Traceback (most recent call last):
  File "/my_app/debugpy/_vendored/pydevd/_pydevd_bundle/pydevd_comm.py", line 422, in _on_run
    cmd.send(self.sock)
  File "/my_app/debugpy/_vendored/pydevd/_pydevd_bundle/pydevd_net_command.py", line 109, in send
    sock.sendall(as_bytes)
BrokenPipeError: [Errno 32] Broken pipe

I looked in the issue trackers of debugpy, pydevd, and ray, and did some googling, and couldn't find much unfortunately. The only thing I found is that this may point to the connection between the local services (there is a client, server, and "debug server" and some incoming client (?) involved in running debugpy on the application side, it seems) breaking. I found this snippet in debugpy.adapter.NNNN.log:

I+00000.071: Listening for incoming Client connections on 10.40.0.130:51507...

I+00000.071: Listening for incoming Server connections on 127.0.0.1:39415...

I+00000.071: Sending endpoints info to debug server at localhost:60997:
             {
                 "client": {
                     "host": "10.40.0.130",
                     "port": 51507
                 },
                 "server": {
                     "host": "127.0.0.1",
                     "port": 39415
                 }
             }

I+00000.076: Accepted incoming Server connection from 127.0.0.1:43864.
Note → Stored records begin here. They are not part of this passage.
(* Let $f : X \to \mathbb{R}$ be arbitrary, and suppose there exist $r \in \mathbb{R}$ and a Cantor set $C \subseteq X$ such that, in the subspace topology of $C$, the set $C \cap \{f \ge r\}$ is meagre and dense in $C$. Then Player I has a winning strategy in $\Gamma(f)$.
   Context: Let $A$ be a non-empty countable set and $T$ a pruned tree on $A$ (a set of finite sequences of elements of $A$, closed under initial segments, in which every sequence has a proper extension in $T$). Let $X$ be the set of infinite branches of $T$, with the topology generated by the cylinder sets $O(s) = \{x \in X : s \text{ is an initial segment of } x\}$, $s \in T$. A Cantor set is a subset homeomorphic to the middle-thirds Cantor set. $\{f \ge r\} = \{x \in X : f(x) \ge r\}$. The game $\Gamma(f)$: Player I and Player II alternate, Player I moving first; Player I plays $x_0, x_1, \dots \in A$ subject to $(x_0,\dots,x_t) \in T$ for all $t$, and after each move $x_t$ Player II plays a real number $v_t$. Player II wins the run iff $f(x_0,x_1,\dots) = \limsup_{t\to\infty} v_t$; otherwise Player I wins. *)

From Stdlib Require Import Reals List.
From Coquelicot Require Import Coquelicot.
Import ListNotations.
Open Scope R_scope.

Definition is_tree {A : Type} (T : list A -> Prop) : Prop :=
  forall s t : list A, T (s ++ t) -> T s.

Definition is_pruned_tree {A : Type} (T : list A -> Prop) : Prop :=
  is_tree T /\ forall s, T s -> exists t, t <> nil /\ T (s ++ t).

Definition prefix_of {A : Type} (x : nat -> A) (n : nat) : list A :=
  map x (seq 0 n).

Definition is_branch {A : Type} (T : list A -> Prop) (x : nat -> A) : Prop :=
  forall n, T (prefix_of x n).

Definition branches {A : Type} (T : list A -> Prop) : Type :=
  { x : nat -> A | is_branch T x }.

Definition cyl {A : Type} {T : list A -> Prop} (s : list A) (x : branches T) : Prop :=
  prefix_of (proj1_sig x) (length s) = s.

(* open sets of the topology generated by the cylinders O(s), s in T
   (they form a base, so open = union of cylinders) *)
Definition openX {A : Type} {T : list A -> Prop} (U : branches T -> Prop) : Prop :=
  forall x, U x -> exists s, T s /\ cyl s x /\ forall y, cyl s y -> U y.

Section Sub.
Context {Y : Type} (op : (Y -> Prop) -> Prop).

Definition rel_open (C V : Y -> Prop) : Prop :=
  exists U, op U /\ forall y, V y <-> (U y /\ C y).

Definition rel_closure (C N : Y -> Prop) (y : Y) : Prop :=
  C y /\ forall V, rel_open C V -> V y -> exists z, V z /\ N z.

Definition rel_interior (C S : Y -> Prop) (y : Y) : Prop :=
  exists V, rel_open C V /\ V y /\ forall z, V z -> S z.

Definition nowhere_dense_in (C N : Y -> Prop) : Prop :=
  (forall y, N y -> C y) /\ forall y, ~ rel_interior C (rel_closure C N) y.

Definition meagre_in (C M : Y -> Prop) : Prop :=
  (forall y, M y -> C y) /\
  exists Ns : nat -> Y -> Prop,
    (forall n, nowhere_dense_in C (Ns n)) /\ forall y, M y -> exists n, Ns n y.

Definition dense_in (C D : Y -> Prop) : Prop :=
  (forall y, D y -> C y) /\ forall y, C y -> rel_closure C D y.
End Sub.

Definition cont_on {Y Z : Type} (opY : (Y -> Prop) -> Prop) (opZ : (Z -> Prop) -> Prop)
  (C : Y -> Prop) (h : Y -> Z) : Prop :=
  forall V, opZ V -> rel_open opY C (fun y => C y /\ V (h y)).

Definition homeomorphic {Y Z : Type} (opY : (Y -> Prop) -> Prop) (opZ : (Z -> Prop) -> Prop)
  (C : Y -> Prop) (D : Z -> Prop) : Prop :=
  exists (h : Y -> Z) (g : Z -> Y),
    (forall y, C y -> D (h y) /\ g (h y) = y) /\
    (forall z, D z -> C (g z) /\ h (g z) = z) /\
    cont_on opY opZ C h /\ cont_on opZ opY D g.

(* C_0 = [0,1],  C_{n+1} = C_n/3 ∪ (2/3 + C_n/3) *)
Fixpoint cantor_stage (n : nat) (y : R) : Prop :=
  match n with
  | O => 0 <= y <= 1
  | S m => cantor_stage m (3 * y) \/ cantor_stage m (3 * y - 2)
  end.

Definition middle_thirds (y : R) : Prop := forall n, cantor_stage n y.

Definition is_cantor_set {A : Type} (T : list A -> Prop) (C : branches T -> Prop) : Prop :=
  homeomorphic (@openX A T) (@open R_UniformSpace) C middle_thirds.

(* Player I strategy: (I's previous moves, II's previous moves) -> next x_t *)
(* Player II strategy: (I's moves x_0..x_t, II's previous moves) -> v_t *)
Fixpoint hist {A : Type} (sigma : list A -> list R -> A) (tau : list A -> list R -> R)
  (n : nat) : list A * list R :=
  match n with
  | O => (nil, nil)
  | S m => let (xs, vs) := hist sigma tau m in
           let a := sigma xs vs in
           (xs ++ [a], vs ++ [tau (xs ++ [a]) vs])
  end.

Definition play_x {A : Type} sigma tau (t : nat) : A :=
  sigma (fst (@hist A sigma tau t)) (snd (hist sigma tau t)).

Definition play_v {A : Type} sigma tau (t : nat) : R :=
  tau (fst (@hist A sigma tau t) ++ [play_x sigma tau t]) (snd (hist sigma tau t)).

Definition winning_I {A : Type} (T : list A -> Prop) (f : branches T -> R)
  (sigma : list A -> list R -> A) : Prop :=
  forall tau : list A -> list R -> R,
    (forall t, T (prefix_of (play_x sigma tau) (S t))) /\
    forall Hx : is_branch T (play_x sigma tau),
      Finite (f (exist _ (play_x sigma tau) Hx)) <> LimSup_seq (play_v sigma tau).

Definition I_has_winning_strategy {A : Type} (T : list A -> Prop) (f : branches T -> R) : Prop :=
  exists sigma : list A -> list R -> A, winning_I T f sigma.

(* Write D ⊆ ⋃_k N_k with N_k nowhere dense in C, and let h : C -> K be the
   homeomorphism onto the middle-thirds Cantor set K, with inverse g.  Player I
   always follows a "target" branch d ∈ D together with a length m such that,
   inside C, the cylinder of d of length m avoids N_k and h oscillates by less
   than 1/(k+1) on it (a safe cylinder, obtained by refinement lemma
   [refine_safe] from nowhere density, continuity of h and density of D).
   Once the cylinder has been played and II answers above r - 1/(k+1), Player I
   passes to stage k+1 and a new target extending the current position.
   - If the stage stabilises, the play is the final target x ∈ D, so
     f(x) >= r, while II's answers eventually stay <= r - 1/(k+1).
   - Otherwise h(targets) is Cauchy, its limit lies in K (K is closed), so the
     play is x = g(lim) ∈ C; x lies in a safe cylinder of every stage, hence
     avoids every N_k and f(x) < r, whereas II's answers exceed r - 1/(k+1)
     for arbitrarily large k, so limsup >= r. *)

From Stdlib Require Import Reals List Lia Lra Classical ClassicalEpsilon FunctionalExtensionality ProofIrrelevance.
From Coquelicot Require Import Coquelicot.
Open Scope R_scope.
Lastly, I noticed this in debugpy.{adapter,server}.NNNN.log but that seems to be ok, as I also saw this in healthy local runs:

I+00000.049: Error while enumerating installed packages.
             
Traceback (most recent call last):
  File "/my_app/debugpy/adapter/../../debugpy/common/log.py", line 362, in get_environment_description
    report("    {0}=={1}\n", pkg.name, pkg.version)
AttributeError: 'PathDistribution' object has no attribute 'name'

Stack where logged:
  File "/my_app/python3_x86_64/lib/python3.9/runpy.py", line 197, in _run_module_as_main
    return _run_code(code, main_globals, None,
  File "/my_app/python3_x86_64/lib/python3.9/runpy.py", line 87, in _run_code
    exec(code, run_globals)
  File "/my_app/debugpy/adapter/__main__.py", line 227, in <module>
    main(_parse_argv(sys.argv))
  File "/my_app/debugpy/adapter/__main__.py", line 50, in main
    log.describe_environment("debugpy.adapter startup environment:")
  File "/my_app/debugpy/adapter/../../debugpy/common/log.py", line 372, in describe_environment
    info("{0}", get_environment_description(header))
  File "/my_app/debugpy/adapter/../../debugpy/common/log.py", line 364, in get_environment_description
    swallow_exception(
  File "/my_app/debugpy/adapter/../../debugpy/common/log.py", line 215, in swallow_exception
    _exception(format_string, *args, **kwargs)

All of this crashes already before I try connecting to the debugger.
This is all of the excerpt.